Friday, December 4, 2020

Son of the Soil fest brings real tradition back

Basic physics taught us the concept of Hooke’s Limit of Elasticity which suggests that over time, if used enough times almost anything reaches its limit and ultimately stops working. 

The same concept can be applied to everyday trends; that is how “Orange becomes the new black” and older styles are referred to as “So yesterday”.

Local annual traditional Son of the Soil festival has over the years managed to defy this law by continuing not only to grow but to improve as well, like fine wine getting better with time.  

Over the past weekend at Serokolwane farms, which emulated some kind of marsh due to the generous amounts of rainfall from the past few, weeks Batswana dressed up and showed up.

The #(Hashtag) for this year’s event was #ReKgabile which made the occasion like a glove as there was a lot of improvisation on the costume end, the latest fashion trends tailored to fit with the event. 

The cutest, however, had to be family attires where the mummy, daddy and children all made outfits from the same material. 

The regular German Print material was as usual the most commonly used by both men and women but instead of the regular blue, brown and red, there were other more interesting colours like the turquoise, mauve and tangerine. From the men’s end the most popular attire was the coverall pants and the timeless leopard print wife-beaters (vests).  

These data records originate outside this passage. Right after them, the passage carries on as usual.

(* Under the assumptions of Theorem 2 (the case $\varepsilon=0$), let $(u,v)$ be a classical solution on $[0,T)$ with $u>0$. Then $\int_0^1 v(x,t)\,dx=\overline v:=\int_0^1 v_0(x)\,dx$ for all $t\in[0,T)$, and there exists $C>0$ independent of $t$ and $T$ such that for all $t\in[0,T)$ \[ E(u,\alpha)(t)+\|(v-\overline v)(t)\|^2+\int_0^t\!\!\int_0^1\frac{(u_x)^2}{u}\,dx\,d\tau\le C . \]
   Context: Setting of Theorem 2: on $(0,1)\times(0,\infty)$, $u_t-(uv)_x=u_{xx}$, $v_t-u_x=0$, $(u,v)(x,0)=(u_0,v_0)(x)$, $u(0,t)=u(1,t)=\alpha(t)$ (no boundary condition on $v$); $u_0>0$, $(u_0,v_0)\in[H^2((0,1))]^2$ compatible with the boundary data; $\alpha$ smooth on $[0,\infty)$ with $\alpha\ge\underline\alpha>0$ and $\alpha'\in W^{1,1}(\mathbb{R}_+)$. The relative entropy is $E(u,\alpha)(t)=\int_0^1\big[(u\ln u-u)-(\alpha\ln\alpha-\alpha)-(u-\alpha)\ln\alpha\big]dx$. $\|\cdot\|$ is the $L^2((0,1))$ norm. *)

From HB Require Import structures.
From mathcomp Require Import all_boot all_order all_algebra.
From mathcomp Require Import all_classical all_reals.
From mathcomp Require Import all_analysis.
From mathcomp Require Import Rstruct Rstruct_topology.
From Stdlib Require Import Reals.

Set Implicit Arguments.
Unset Strict Implicit.
Unset Printing Implicit Defensive.

Import Order.TTheory GRing.Theory Num.Theory.

Section LebesgueDefs.
Local Open Scope classical_set_scope.
Local Open Scope ring_scope.

Definition L1_on (D : set (measurableTypeR R)) (w : R -> R) : Prop :=
  @measurable_fun _ _ (measurableTypeR R) (measurableTypeR R) D w /\
  (\int[@lebesgue_measure R]_(x in D) (`|w x|)%:E < +oo)%E.

Definition L2_on (D : set (measurableTypeR R)) (w : R -> R) : Prop :=
  @measurable_fun _ _ (measurableTypeR R) (measurableTypeR R) D w /\
  (\int[@lebesgue_measure R]_(x in D) ((w x) ^+ 2)%:E < +oo)%E.

(* f (its continuous representative on [0,1]) belongs to H^2((0,1)):
   f(x) = a + b x + \int_0^x \int_0^y w  on [0,1], with w in L^2((0,1)),
   i.e. f is C^1 on [0,1] with f' absolutely continuous and f'' = w in L^2. *)
Definition H2_01 (f : R -> R) : Prop :=
  exists (a b : R) (w : R -> R),
    L2_on `[0%R, 1%R] w /\
    forall x : R, (0 <= x <= 1)%R ->
      f x = a + b * x +
        Rintegral (@lebesgue_measure R) `[0%R, x]
          (fun y => Rintegral (@lebesgue_measure R) `[0%R, y] w).

Definition L1_Rplus (w : R -> R) : Prop := L1_on `[0%R, +oo[ w.

End LebesgueDefs.

From Coquelicot Require Import Coquelicot.
Open Scope R_scope.

(* alpha is smooth (C^infinity); by Seeley extension this is equivalent to
   smoothness on [0, oo) as only values on [0, oo) are ever used. *)
Definition smooth (f : R -> R) : Prop :=
  forall (n : nat) (t : R), ex_derive (Derive_n f n) t.

Definition cont_on (f : R -> R -> R) (D : R -> R -> Prop) : Prop :=
  forall x t, D x t ->
    filterlim (fun p : R * R => f (fst p) (snd p))
      (within (fun p : R * R => D (fst p) (snd p)) (locally (x, t)))
      (locally (f x t)).

Definition Qcl (T : R) (x t : R) : Prop := 0 <= x <= 1 /\ 0 <= t < T.
Definition Qop (T : R) (x t : R) : Prop := 0 < x < 1 /\ 0 < t < T.

(* Classical solution on [0,T) of
     u_t - (u v)_x = u_xx,  v_t - u_x = 0  on (0,1) x (0,T),
     (u,v)(x,0) = (u0,v0)(x),  u(0,t) = u(1,t) = alpha(t),
   with u > 0.  ux, vx are the (continuous up to the boundary) x-derivatives. *)
Definition classical_solution (alpha u0 v0 : R -> R) (T : R)
    (u v ux vx : R -> R -> R) : Prop :=
  cont_on u (Qcl T) /\ cont_on v (Qcl T) /\
  cont_on ux (Qcl T) /\ cont_on vx (Qcl T) /\
  (forall x t, 0 < x < 1 -> 0 <= t < T ->
     is_derive (fun y => u y t) x (ux x t) /\
     is_derive (fun y => v y t) x (vx x t)) /\
  (exists ut vt uxx : R -> R -> R,
     cont_on ut (Qop T) /\ cont_on vt (Qop T) /\ cont_on uxx (Qop T) /\
     forall x t, Qop T x t ->
       is_derive (fun s => u x s) t (ut x t) /\
       is_derive (fun s => v x s) t (vt x t) /\
       is_derive (fun y => ux y t) x (uxx x t) /\
       ut x t - (ux x t * v x t + u x t * vx x t) = uxx x t /\
       vt x t - ux x t = 0) /\
  (forall x, 0 <= x <= 1 -> u x 0 = u0 x /\ v x 0 = v0 x) /\
  (forall t, 0 <= t < T -> u 0 t = alpha t /\ u 1 t = alpha t) /\
  (forall x t, Qcl T x t -> 0 < u x t).

Definition ent_density (w a : R) : R :=
  (w * ln w - w) - (a * ln a - a) - (w - a) * ln a.

Definition rel_entropy (u : R -> R -> R) (alpha : R -> R) (t : R) : R :=
  RInt (fun x => ent_density (u x t) (alpha t)) 0 1.

Definition L2sq01 (f : R -> R) : R := RInt (fun x => (f x) ^ 2) 0 1.

(* Both claims are integrated balance laws.  The mass of v is conserved since
   v_t = u_x and u takes the same value alpha at both ends.  For the energy
   e = H(u | alpha) + (v - vbar)^2 / 2 a direct computation along the
   solution gives
     e_t = [(ln u - ln alpha)(u_x + u v) - vbar u]_x - u_x^2 / u
           - (alpha' / alpha)(u - alpha),
   and the flux again vanishes at x = 0, 1.  The forcing term is bounded by
   |alpha'| (H / alow + 16) since |u - alpha| <= H(u | alpha) + 16 alpha, so
   Gronwall's inequality with the integrable weight |alpha'| bounds energy
   plus accumulated dissipation by a constant depending only on the data. *)

From Stdlib Require Import Reals Lra Psatz.
From Coquelicot Require Import Coquelicot.
From mathcomp Require all_boot all_order all_algebra all_classical all_reals all_analysis
  Rstruct Rstruct_topology measurable_realfun.
Open Scope R_scope.

(* Real-valued specialisations of Coquelicot's integral lemmas, so that the
   normed-module argument never has to be given by hand. *)

Lemma RI_Chasles (f : R -> R) a b c : ex_RInt f a b -> ex_RInt f b c ->
  RInt f a b + RInt f b c = RInt f a c.
Proof. exact (RInt_Chasles (V:=R_CompleteNormedModule) f a b c). Qed.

This whole day and night (if you like) event was fun-filled and action packed for every single member of the family. While the elders sat around and enjoyed the festivities of the dancing and singing, the young ones indulged in the traditional games including koi  ‘Batho Safe’ and ‘Chaka Chaka’ . 

The attendants were divided up into different wards and as the day drew to an end participants were fared and awarded prizes for each of the games.

The main course menu comprised of bogobe jwa lerotse, koko ya Setswana, dikgobe, morogo, phane and serobe, purely Setswana cuisine cooked to perfection with no trimmings and spices which usually distort the original taste. 

The residual rains from Hurricane Dineo threatened to make a dramatic comeback during Dr Vom’s Tsaya Thobane performance but no one awarded the wind and the drizzle the desired attention as they sang and danced in the rain to the iconic tune. It got so bad to a point where some attendants jokingly stated that the event was no longer Son of the Soil but rather Son of the Mud.

When the sun went down it was time for some adult business, the kids were taken home tired from the events of the day and the grown-ups hiked their skirts and put on their dancing shoes. It was strictly traditional Afrocentric sounds with no urban bubblegum music.

Through all of this, gallons of traditionally brewed beer were flowing as Batswana enjoyed the sorghum-based brew – an interesting concoction of sorghum and water brewed to perfection with precision to a beverage known for its aide in digestion and a less than perfect odour.